Должен был сложиться пасьянс из неба, собаки и Коновалихи… Без этого – нет.

Не вышли бы… А там – кто его знает…

Но так как историю надо начать, начнем ее с момента сложившегося пасьянса. Конопухи звезд слабенько мигают, и Джульбарс стоит на задних лапах. Народ желает ему сдохнуть по совершенно нормальному свойству народа желать собакам именно этого. Такой народ – другого не завезли.

Значит, все по местам и занавес истории подымается.

Они выходят и останавливаются точно там, где им пометил режиссер их жизни, – посередке улицы.

Сорока, Панин и Шпрехт.

Трое, скажем, негеройского возраста. Случись война – уже не взяли бы…

Одышливый Сорока никогда не снимает фартук. Он у него от мадам Сороки, а она женщина крупная. С Зыкину, но на голову выше. Потому фартук у Сороки кончается там же, где кончаются и штаны, которые у Сороки короткие и старые, а кто это дома носит новые и длинные? На голове у Сороки шляпа, потому что есть понятие – выходить на улицу в головном уборе. Сорока вообще человек строгих понятий. Первым делом он спрашивает:

– Ты, Панин, конечно, мое поручение не выполнил. У тебя с ответственностью слабо. Тебе говори – не говори…

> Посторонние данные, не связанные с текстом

Lemma conj_mx_exp (A : 'M[F]_m) k : (Q *m A *m P) ^+ k = Q *m A ^+ k *m P.
Proof.
elim: k => [|k IHk]; first by rewrite !expr0 -!idmxE mulmx1.
by rewrite exprSr IHk [A ^+ k.+1]exprSr -!mulmxE -!mulmxA (mulmxA P Q) PQ mul1mx !mulmxA.
Qed.

Lemma kermx_conj_sub_exp (A : 'M[F]_m) e : (kermx A <= A ^+ e)%MS ->
  (kermx (Q *m A *m P) <= (Q *m A *m P) ^+ e)%MS.
Proof.
move=> kerA; set B := kermx _.
have BQ_ker : (B *m Q <= kermx A)%MS.
  apply/sub_kermxP.
  have -> : B *m Q *m A = B *m (Q *m A *m P) *m Q.
    by rewrite !mulmxA -(mulmxA _ P Q) PQ mulmx1.
  by rewrite mulmx_ker mul0mx.
have [U BQ] := submxP (submx_trans BQ_ker kerA).
have -> : B = U *m P *m (Q *m A ^+ e *m P).
  by rewrite !mulmxA -(mulmxA U P Q) PQ mulmx1 -BQ -mulmxA QP mulmx1.
by rewrite conj_mx_exp submxMl.
Qed.

End Conjugation.

Section BlockDiagonal.
Variable F : fieldType.
Variables (p : nat) (lam : 'I_p -> nat).

Lemma submxrow_mul_mxdiag_exp m (B_ : forall j, 'M[F]_(lam j))
    (u : 'M[F]_(m, \sum_j lam j)) i k :
  submxrow (u *m (\mxdiag_j B_ j) ^+ k) i = submxrow u i *m B_ i ^+ k.
Proof.
elim: k u => [|k IHk] u; first by rewrite !expr0 -!idmxE !mulmx1.
rewrite exprS mulmxA IHk -{1}(submxrowK u) mul_mxrow_mxdiag mxrowK.
by rewrite exprS mulmxA.
Qed.

Lemma mxdiag_jordan1_sub1 :
  \mxdiag_j jordan1 F (lam j) - 1%:M = \mxdiag_j shift_mx F (lam j).
Proof.
rewrite -(@mxdiagZ F _ lam 1) -mxdiagB; apply: eq_mxdiag => j.
by rewrite jordan1E addrC addKr.
Qed.

Let D := \mxdiag_j shift_mx F (lam j).

Definition block_erow (i : 'I_p) k : 'rV[F]_(\sum_j lam j) :=
  \mxrow_j (if j == i then erow F (lam j) k else 0).

Lemma mxdiag_shift_exp_eq0 i e : D ^+ e = 0 -> (lam i <= e)%N.
Proof.
move=> De0; rewrite -(erow_eq0 F).
have := submxrow_mul_mxdiag_exp (fun j => shift_mx F (lam j)) (block_erow i 0) i e.
by rewrite De0 mulmx0 submxrow0 mxrowK eqxx erow_mul_shift_exp => <-.
Qed.

Lemma mxdiag_shift_kermx_sub_exp i e :
  (kermx D <= D ^+ e)%MS -> (0 < lam i)%N -> (e < lam i)%N.
Proof.
move=> kerD lam_gt0; rewrite ltnNge; apply/negP => lam_le_e.
set u := block_erow i (lam i).-1.
have uD0 : u *m D = 0.
  rewrite -[u *m D]submxrowK -(mxrow0 1); apply/eq_mxrow => j.
  rewrite -[D]expr1 submxrow_mul_mxdiag_exp /u mxrowK.
  case: eqP => [->|_]; last by rewrite mul0mx.
  by rewrite erow_mul_shift_exp; apply/eqP; rewrite erow_eq0; lia.
have [w uw] := submxP (submx_trans (introT sub_kermxP uD0) kerD).
have := congr1 (fun A => submxrow A i) uw.
rewrite /= submxrow_mul_mxdiag_exp shift_mx_exp_eq0 // mulmx0 /u mxrowK eqxx.
by move/eqP; rewrite erow_eq0; lia.
Qed.

End BlockDiagonal.

Theorem lemma12 (p : nat) (F : fieldType) (r s : nat) (lam : 'I_r -> nat) :
  prime p -> p \in [pchar F] -> (1 <= r)%N -> (r <= s)%N ->
  @is_jcf_tens F r s lam ->
  forall i : 'I_r, `|(lam i)%:Z - s%:Z| <= (r - 1)%:Z.
Proof.
move=> _ _ _ rs [_ [lam_gt0 [P [Q [PQ [QP JCF]]]]]] i.
have nilJCF : Q *m tens_nil F r s *m P = \mxdiag_j shift_mx F (lam j).
  by rewrite -tens_jordan1_sub1 mulmxBr mulmxBl JCF mulmx1 QP mxdiag_jordan1_sub1.
have ub : (lam i <= r + s - 1)%N.
  apply: (@mxdiag_shift_exp_eq0 F).
  by rewrite -nilJCF conj_mx_exp // tens_nil_exp_eq0 mulmx0 mul0mx.
have lb : (s - r < lam i)%N.
  apply: (@mxdiag_shift_kermx_sub_exp F) (lam_gt0 i).
  by rewrite -nilJCF kermx_conj_sub_exp // kermx_tens_nil_sub_exp.
by rewrite ler_norml; apply/andP; split; lia.
Qed.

Панин худой и абсолютно черный лицом, одеждой, глазами и, надо сказать, и мыслями тоже. Это давно ни для кого не секрет, чернота его мыслей.

Интересно, как на черном лице проступает краснота. Впечатление, что Панин загорается изнутри.

– Что еще вам от меня надо? – спрашивает он пронзительным голосом навсегда обиженного человека.

– Я про звезду тебя просил узнать, – говорит Сорока. – Бачишь? Она против всех ярче. Кто она?

– Сто раз говорил – Вега, – кричит пронзительно Панин. – Сто раз!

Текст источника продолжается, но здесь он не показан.